ACTIVITY
Please copy out the lines in the entries that contain "TypeB".

Excerpts from a dataset

┏━━

(* Fix one of the types A, B, D below with its group $G$ of orthogonal transformations of $\mathbb{R}^n$ and its domain $C\subset\mathbb{R}^n$. Let $(\xi_1,\dots,\xi_n)$ be a tuple of random vectors in $\mathbb{R}^d$ satisfying all assumptions of that type except possibly the general position assumption, with associated convex hull $H_{n,d}$, and let $A$ be the random $d\times n$ matrix with columns $\xi_1,\dots,\xi_n$, viewed as a linear map $\mathbb{R}^n\to\mathbb{R}^d$. Then for every $g\in G$, $$\mathbb{P}[0\in H_{n,d}]=\mathbb{P}[\ker A\cap(g\bar C)\neq\{0\}].$$
   Context: $e_1,\dots,e_n$ is the standard basis of $\mathbb{R}^n$ and $\bar C$ the closure of $C$. For a tuple $(\xi_1,\dots,\xi_n)$ of random vectors in $\mathbb{R}^d$, put $S_k=\xi_1+\dots+\xi_k$ and $S_n^*=S_{n-1}-\xi_n$. Type A: $n\ge d+1$; the tuple is exchangeable ($(\xi_1,\dots,\xi_n)\stackrel{d}{=}(\xi_{\sigma(1)},\dots,\xi_{\sigma(n)})$ for all permutations $\sigma$); $S_n=0$ a.s.; general position assumption: any $d$ vectors among $S_1,\dots,S_{n-1}$ are linearly independent a.s.; $H_{n,d}=\mathrm{Conv}(S_1,\dots,S_{n-1})$; $G$ consists of the maps $g_\sigma(e_k)=e_{\sigma(k)}$, $\sigma$ a permutation of $\{1,\dots,n\}$; $C=\{x\in\mathbb{R}^n:x_1<\dots<x_n,\ x_1+\dots+x_n=0\}$. Type B: $n\ge d$; $(\xi_1,\dots,\xi_n)\stackrel{d}{=}(\varepsilon_1\xi_{\sigma(1)},\dots,\varepsilon_n\xi_{\sigma(n)})$ for all permutations $\sigma$ and all signs $\varepsilon_i\in\{-1,1\}$; general position assumption: any $d$ vectors among $S_1,\dots,S_n$ are linearly independent a.s.; $H_{n,d}=\mathrm{Conv}(S_1,\dots,S_n)$; $G$ consists of the maps $g_{\sigma,\varepsilon}(e_k)=\varepsilon_ke_{\sigma(k)}$ with $\sigma$ a permutation and $\varepsilon\in\{-1,1\}^n$; $C=\{x:0<x_1<\dots<x_n\}$. Type D: $n\ge\max\{2,d\}$; the same invariance as type B but only for signs with $\varepsilon_1\cdots\varepsilon_n=1$; general position assumption: any $d$ vectors from either collection $S_1,\dots,S_n$ or $S_1,\dots,S_{n-1},S_n^*$ are linearly independent a.s.; $H_{n,d}=\mathrm{Conv}(S_1,\dots,S_n,S_n^* )$; $G$ consists of the maps $g_{\sigma,\varepsilon}$ with $\varepsilon_1\cdots\varepsilon_n=1$; $C=\{x:0<|x_1|<x_2<\dots<x_n\}$. *)

From HB Require Import structures.
From mathcomp Require Import all_boot all_order all_algebra all_fingroup.
From mathcomp Require Import all_classical all_reals all_analysis.
Set Implicit Arguments. Unset Strict Implicit. Unset Printing Implicit Defensive.
Import Order.TTheory GRing.Theory Num.Theory.
Import numFieldNormedType.Exports.
Local Open Scope classical_set_scope.
Local Open Scope ring_scope.

Inductive rtype := TypeA | TypeB | TypeD.

Section Defs.
Variable R : realType.

(* The product (= Borel) sigma-algebra on 'M[R]_(d,n), generated by the
   coordinate maps M |-> M i j. *)
Definition mx_gen (d n : nat) : set (set 'M[R]_(d, n)) :=
  [set B | exists (i : 'I_d) (j : 'I_n) (A : set R),
     measurable A /\ B = [set M : 'M[R]_(d, n) | A (M i j)]].

Definition mx_measurable (d n : nat) (B : set 'M[R]_(d, n)) : Prop :=
  <<s @mx_gen d n >> B.

(* X : Omega -> 'M_(d,n) is a random matrix, i.e. the tuple of its columns
   is a tuple of random vectors in R^d. *)
Definition random_mx {dm} {Omega : measurableType dm} (d n : nat)
  (X : Omega -> 'M[R]_(d, n)) : Prop :=
  forall B, mx_measurable B -> measurable (X @^-1` B).

Definition eq_in_law {dm} {Omega : measurableType dm} (P : probability Omega R)
  (d n : nat) (X Y : Omega -> 'M[R]_(d, n)) : Prop :=
  forall B, mx_measurable B -> P (X @^-1` B) = P (Y @^-1` B).

(* the matrix with columns eps_k xi_{sigma(k)}, where xi_k = col k M *)
Definition perm_sign_cols (d n : nat) (s : 'S_n) (eps : 'I_n -> bool)
  (M : 'M[R]_(d, n)) : 'M[R]_(d, n) :=
  \matrix_(i < d, k < n) ((-1) ^+ eps k * M i (s k)).

Definition signs_ok (t : rtype) (n : nat) (eps : 'I_n -> bool) : bool :=
  match t with
  | TypeA => [forall k, ~~ eps k]
  | TypeB => true
  | TypeD => ~~ odd (\sum_(k < n) (eps k : nat))  (* eps_1 ... eps_n = 1 *)
  end.

(* g_{sigma,eps} as a linear map on column vectors: g(e_k) = eps_k e_{sigma(k)},
   i.e. (g x)_{sigma(k)} = eps_k x_k. *)
Definition g_act (n : nat) (s : 'S_n) (eps : 'I_n -> bool)
  (x : 'cV[R]_n) : 'cV[R]_n :=
  \col_(j < n) ((-1) ^+ eps (s^-1 j)%g * x (s^-1 j)%g ord0).

Definition coneC (t : rtype) (n : nat) : set 'cV[R]_n :=
  match t with
  | TypeA => [set x | (forall i j : 'I_n, (i < j)%N -> x i ord0 < x j ord0)
                      /\ \sum_(i < n) x i ord0 = 0]
  | TypeB => [set x | (forall i : 'I_n, (nat_of_ord i == 0)%N -> 0 < x i ord0)
                      /\ (forall i j : 'I_n, (i < j)%N -> x i ord0 < x j ord0)]
  | TypeD => [set x | (forall i : 'I_n, (nat_of_ord i == 0)%N -> 0 < `|x i ord0|)
                      /\ (forall i j : 'I_n, (i < j)%N ->
                            (if (nat_of_ord i == 0)%N then `|x i ord0| else x i ord0)
                              < x j ord0)]
  end.

(* S_k = xi_1 + ... + xi_k (k = 0..n), xi_i the i-th column of M *)
Definition psum (d n : nat) (M : 'M[R]_(d, n)) (k : nat) : 'cV[R]_d :=
  \sum_(i < n | (i < k)%N) col i M.

(* S_n^* = S_{n-1} - xi_n *)
Definition psum_star (d n : nat) (M : 'M[R]_(d, n)) : 'cV[R]_d :=
  psum M n.-1 - \sum_(i < n | (nat_of_ord i == n.-1)%N) col i M.

Definition hull_points (t : rtype) (d n : nat) (M : 'M[R]_(d, n))
  : seq 'cV[R]_d :=
  match t with
  | TypeA => [seq psum M k | k <- iota 1 n.-1]
  | TypeB => [seq psum M k | k <- iota 1 n]
  | TypeD => rcons [seq psum M k | k <- iota 1 n] (psum_star M)
  end.

Definition in_conv_hull (d : nat) (s : seq 'cV[R]_d) (x : 'cV[R]_d) : Prop :=
  exists l : 'I_(size s) -> R,
    (forall i, 0 <= l i) /\ \sum_i l i = 1 /\
    \sum_i l i *: nth 0 s i = x.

┗━━

TASK RESULT
Inductive rtype := TypeA | TypeB | TypeD.
  | TypeB => true
  | TypeB => [set x | (forall i : 'I_n, (nat_of_ord i == 0)%N -> 0 < x i ord0)
  | TypeB => [seq psum M k | k <- iota 1 n]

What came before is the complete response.